Collected data entries:
============

Lemma small_increment_of_deriv0 x :
  derivable_pt_lim g x 0 -> exists d, 0 < d /\
    forall h, Rabs h < d -> Rabs (g (x + h) - g x) <= eps * Rabs h.
Proof.
  intros Hx; destruct (Hx eps Heps) as [d Hd]; exists d; split; [apply cond_pos|].
  intros h Hh; destruct (Req_dec h 0) as [->|NZ].
  - rewrite Rplus_0_r, Rminus_diag, Rabs_R0; lra.
  - specialize (Hd h NZ Hh); rewrite Rminus_0_r in Hd; unfold Rdiv in Hd.
    rewrite Rabs_mult, Rabs_inv in Hd; pose proof (Rabs_pos_lt h NZ).
    apply (Rmult_lt_compat_r (Rabs h)) in Hd; auto.
    rewrite Rmult_assoc, Rinv_l in Hd by lra; lra.
Qed.

Lemma cover_controlled_step s : exists d, 0 < d /\
  forall x y, s - d < x -> x <= s -> s <= y -> y < s + d ->
  cover_controlled x -> cover_controlled y.
Proof.
  destruct (classic (N s)) as [Ns | nNs].
  - destruct (Hcov s Ns) as [m Hm].
    exists (Rmin (s - an m) (bn m - s)); split; [apply Rmin_pos; lra|].
    intros x y H1 H2 H3 H4 [l [K [Hl [HL HV]]]].
    pose proof (Rmin_l (s - an m) (bn m - s)); pose proof (Rmin_r (s - an m) (bn m - s)).
    exists (l ++ (x, y) :: nil), (Nat.max K m); split; [|split].
    + apply (incr_intervals_app _ _ x); [exact Hl | simpl; lra].
    + rewrite total_length_app; simpl.
      pose proof (cover_length_grow an bn x y (Nat.max K m) m ltac:(lia) ltac:(lra)).
      pose proof (covered_length_inside (an m) (bn m) x y ltac:(lra) ltac:(lra) ltac:(lra)).
      pose proof (cover_length_le_max an bn x K (Nat.max K m) ltac:(lia)); lra.
    + rewrite total_variation_app; simpl.
      pose proof (Rabs_triang (g y - g x) (g x - g a)).
      replace (g y - g x + (g x - g a)) with (g y - g a) in H5 by ring; nra.
  - destruct (small_increment_of_deriv0 s (Hder s nNs)) as [d [Hd K]].
    exists d; split; [exact Hd|].
    intros x y H1 H2 H3 H4 [l [K' [Hl [HL HV]]]].
    exists l, K'; split; [|split].
    + exact (incr_intervals_weaken a a l x y (Rle_refl a) ltac:(lra) Hl).
    + pose proof (cover_length_le_mono an bn x y K' ltac:(lra)); lra.
    + pose proof (K (y - s) ltac:(rewrite Rabs_right; lra)) as Ky.
      pose proof (K (x - s) ltac:(rewrite Rabs_left1; lra)) as Kx.
      replace (s + (y - s)) with y in Ky by ring.
      replace (s + (x - s)) with x in Kx by ring.
      rewrite (Rabs_right (y - s)) in Ky by lra; rewrite (Rabs_left1 (x - s)) in Kx by lra.
      rewrite <- Rabs_Ropp in Kx; replace (- (g x - g s)) with (g s - g x) in Kx by ring.
      pose proof (Rabs_triang (g y - g s) (g s - g a)) as T1.
      pose proof (Rabs_triang (g s - g x) (g x - g a)) as T2.
      replace (g y - g s + (g s - g a)) with (g y - g a) in T1 by ring.
      replace (g s - g x + (g x - g a)) with (g s - g a) in T2 by ring; lra.
Qed.

End CoverControl.

Lemma abs_cont_on_ae_deriv0_eq g a b : a <= b -> abs_cont_on g a b ->
  ae (fun x => derivable_pt_lim g x 0) -> g b = g a.
Proof.
  intros Hab Hac [N [HN Hder]]; apply NNPP; intro NE.
  set (D := Rabs (g b - g a)).
  assert (HD : 0 < D) by (apply Rabs_pos_lt; intro; apply NE; lra).
  destruct (Hac (D / 2) ltac:(lra)) as [d [Hd Hdd]].
  destruct (HN (d / 2) ltac:(lra)) as [an [bn [Hle [Hcov Hsum]]]].
  set (eps := D / (4 * (b - a + 1))).
  assert (Heps : 0 < eps) by (apply Rdiv_lt_0_compat; lra).
  destruct (gauge_induction (cover_controlled g a eps an bn) a b Hab
              (cover_controlled_start g a eps an bn)
              (cover_controlled_step g N a eps an bn Heps Hcov Hder))
    as [l [K [Hl [HL HV]]]].
  pose proof (cover_length_le an bn b K Hle); specialize (Hsum K).
  specialize (Hdd l Hl ltac:(lra)).
  assert (eps * (b - a) <= D / 4).
  { apply Rle_trans with (eps * (b - a + 1)); [apply Rmult_le_compat_l; lra|].
    right; unfold eps; field; lra. }
  fold D in HV; lra.
Qed.

Lemma derivable_pt_lim_eq f x l l' : derivable_pt_lim f x l -> l = l' -> derivable_pt_lim f x l'.
Proof. now intros H <-. Qed.

Lemma derivable_pt_lim_reflect f x l :
  derivable_pt_lim f (- x) l -> derivable_pt_lim (fun t => f (- t)) x (- l).
Proof.
  intros H.
  apply (derivable_pt_lim_eq _ _ _ _ (derivable_pt_lim_comp (fun t => - t) f x (-1) l
           (derivable_pt_lim_opp id x 1 (derivable_pt_lim_id x)) H)); ring.
Qed.

Lemma continuity_reflect g : continuity g -> continuity (fun t => - g (- t)).
Proof.
  intros Hg; apply (continuity_opp (fun t => g (- t))).
  apply (continuity_comp (fun t => - t) g); [|exact Hg].
  apply (continuity_opp id), derivable_continuous, derivable_id.
Qed.

Lemma abs_le_on_compact f a b : a <= b -> continuity f ->
  exists M, 0 <= M /\ forall x, a <= x <= b -> Rabs (f x) <= M.
Proof.
  intros Hab Hc.
  destruct (continuity_ab_maj (fun x => Rabs (f x)) a b Hab) as [m [Hm _]].
  { intros c _; apply (continuity_pt_comp f Rabs); [apply Hc | apply Rcontinuity_abs]. }
  exists (Rabs (f m)); split; [apply Rabs_pos | exact Hm].
Qed.

Lemma Rabs_diff_le_of_deriv_bound Y Y' a b M : (forall t, derivable_pt_lim Y t (Y' t)) ->
  (forall x, a <= x <= b -> Rabs (Y' x) <= M) ->
  forall u v, a <= u -> u <= v -> v <= b -> Rabs (Y v - Y u) <= M * (v - u).
Proof.
  intros HY HM u v Hu Huv Hv; destruct (Req_dec u v) as [->|NE].
  - rewrite Rminus_diag, Rabs_R0; lra.
  - destruct (MVT_cor2 Y Y' u v ltac:(lra) (fun c _ => HY c)) as [c [Hc Hc2]].
    rewrite Hc, Rabs_mult, (Rabs_right (v - u)) by lra.
    apply Rmult_le_compat_r; [lra | apply HM; lra].
Qed.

============

Reproduce the entries exactly, dropping nothing.

Lemma small_increment_of_deriv0 x :
  derivable_pt_lim g x 0 -> exists d, 0 < d /\
    forall h, Rabs h < d -> Rabs (g (x + h) - g x) <= eps * Rabs h.
Proof.
  intros Hx; destruct (Hx eps Heps) as [d Hd]; exists d; split; [apply cond_pos|].
  intros h Hh; destruct (Req_dec h 0) as [->|NZ].
  - rewrite Rplus_0_r, Rminus_diag, Rabs_R0; lra.
  - specialize (Hd h NZ Hh); rewrite Rminus_0_r in Hd; unfold Rdiv in Hd.
    rewrite Rabs_mult, Rabs_inv in Hd; pose proof (Rabs_pos_lt h NZ).
    apply (Rmult_lt_compat_r (Rabs h)) in Hd; auto.
    rewrite Rmult_assoc, Rinv_l in Hd by lra; lra.
Qed.

Lemma cover_controlled_step s : exists d, 0 < d /\
  forall x y, s - d < x -> x <= s -> s <= y -> y < s + d ->
  cover_controlled x -> cover_controlled y.
Proof.
  destruct (classic (N s)) as [Ns | nNs].
  - destruct (Hcov s Ns) as [m Hm].
    exists (Rmin (s - an m) (bn m - s)); split; [apply Rmin_pos; lra|].
    intros x y H1 H2 H3 H4 [l [K [Hl [HL HV]]]].
    pose proof (Rmin_l (s - an m) (bn m - s)); pose proof (Rmin_r (s - an m) (bn m - s)).
    exists (l ++ (x, y) :: nil), (Nat.max K m); split; [|split].
    + apply (incr_intervals_app _ _ x); [exact Hl | simpl; lra].
    + rewrite total_length_app; simpl.
      pose proof (cover_length_grow an bn x y (Nat.max K m) m ltac:(lia) ltac:(lra)).
      pose proof (covered_length_inside (an m) (bn m) x y ltac:(lra) ltac:(lra) ltac:(lra)).
      pose proof (cover_length_le_max an bn x K (Nat.max K m) ltac:(lia)); lra.
    + rewrite total_variation_app; simpl.
      pose proof (Rabs_triang (g y - g x) (g x - g a)).
      replace (g y - g x + (g x - g a)) with (g y - g a) in H5 by ring; nra.
  - destruct (small_increment_of_deriv0 s (Hder s nNs)) as [d [Hd K]].
    exists d; split; [exact Hd|].
    intros x y H1 H2 H3 H4 [l [K' [Hl [HL HV]]]].
    exists l, K'; split; [|split].
    + exact (incr_intervals_weaken a a l x y (Rle_refl a) ltac:(lra) Hl).
    + pose proof (cover_length_le_mono an bn x y K' ltac:(lra)); lra.
    + pose proof (K (y - s) ltac:(rewrite Rabs_right; lra)) as Ky.
      pose proof (K (x - s) ltac:(rewrite Rabs_left1; lra)) as Kx.
      replace (s + (y - s)) with y in Ky by ring.
      replace (s + (x - s)) with x in Kx by ring.
      rewrite (Rabs_right (y - s)) in Ky by lra; rewrite (Rabs_left1 (x - s)) in Kx by lra.
      rewrite <- Rabs_Ropp in Kx; replace (- (g x - g s)) with (g s - g x) in Kx by ring.
      pose proof (Rabs_triang (g y - g s) (g s - g a)) as T1.
      pose proof (Rabs_triang (g s - g x) (g x - g a)) as T2.
      replace (g y - g s + (g s - g a)) with (g y - g a) in T1 by ring.
      replace (g s - g x + (g x - g a)) with (g s - g a) in T2 by ring; lra.
Qed.

End CoverControl.

Lemma abs_cont_on_ae_deriv0_eq g a b : a <= b -> abs_cont_on g a b ->
  ae (fun x => derivable_pt_lim g x 0) -> g b = g a.
Proof.
  intros Hab Hac [N [HN Hder]]; apply NNPP; intro NE.
  set (D := Rabs (g b - g a)).
  assert (HD : 0 < D) by (apply Rabs_pos_lt; intro; apply NE; lra).
  destruct (Hac (D / 2) ltac:(lra)) as [d [Hd Hdd]].
  destruct (HN (d / 2) ltac:(lra)) as [an [bn [Hle [Hcov Hsum]]]].
  set (eps := D / (4 * (b - a + 1))).
  assert (Heps : 0 < eps) by (apply Rdiv_lt_0_compat; lra).
  destruct (gauge_induction (cover_controlled g a eps an bn) a b Hab
              (cover_controlled_start g a eps an bn)
              (cover_controlled_step g N a eps an bn Heps Hcov Hder))
    as [l [K [Hl [HL HV]]]].
  pose proof (cover_length_le an bn b K Hle); specialize (Hsum K).
  specialize (Hdd l Hl ltac:(lra)).
  assert (eps * (b - a) <= D / 4).
  { apply Rle_trans with (eps * (b - a + 1)); [apply Rmult_le_compat_l; lra|].
    right; unfold eps; field; lra. }
  fold D in HV; lra.
Qed.

Lemma derivable_pt_lim_eq f x l l' : derivable_pt_lim f x l -> l = l' -> derivable_pt_lim f x l'.
Proof. now intros H <-. Qed.

Lemma derivable_pt_lim_reflect f x l :
  derivable_pt_lim f (- x) l -> derivable_pt_lim (fun t => f (- t)) x (- l).
Proof.
  intros H.
  apply (derivable_pt_lim_eq _ _ _ _ (derivable_pt_lim_comp (fun t => - t) f x (-1) l
           (derivable_pt_lim_opp id x 1 (derivable_pt_lim_id x)) H)); ring.
Qed.

Lemma continuity_reflect g : continuity g -> continuity (fun t => - g (- t)).
Proof.
  intros Hg; apply (continuity_opp (fun t => g (- t))).
  apply (continuity_comp (fun t => - t) g); [|exact Hg].
  apply (continuity_opp id), derivable_continuous, derivable_id.
Qed.

Lemma abs_le_on_compact f a b : a <= b -> continuity f ->
  exists M, 0 <= M /\ forall x, a <= x <= b -> Rabs (f x) <= M.
Proof.
  intros Hab Hc.
  destruct (continuity_ab_maj (fun x => Rabs (f x)) a b Hab) as [m [Hm _]].
  { intros c _; apply (continuity_pt_comp f Rabs); [apply Hc | apply Rcontinuity_abs]. }
  exists (Rabs (f m)); split; [apply Rabs_pos | exact Hm].
Qed.

Lemma Rabs_diff_le_of_deriv_bound Y Y' a b M : (forall t, derivable_pt_lim Y t (Y' t)) ->
  (forall x, a <= x <= b -> Rabs (Y' x) <= M) ->
  forall u v, a <= u -> u <= v -> v <= b -> Rabs (Y v - Y u) <= M * (v - u).
Proof.
  intros HY HM u v Hu Huv Hv; destruct (Req_dec u v) as [->|NE].
  - rewrite Rminus_diag, Rabs_R0; lra.
  - destruct (MVT_cor2 Y Y' u v ltac:(lra) (fun c _ => HY c)) as [c [Hc Hc2]].
    rewrite Hc, Rabs_mult, (Rabs_right (v - u)) by lra.
    apply Rmult_le_compat_r; [lra | apply HM; lra].
Qed.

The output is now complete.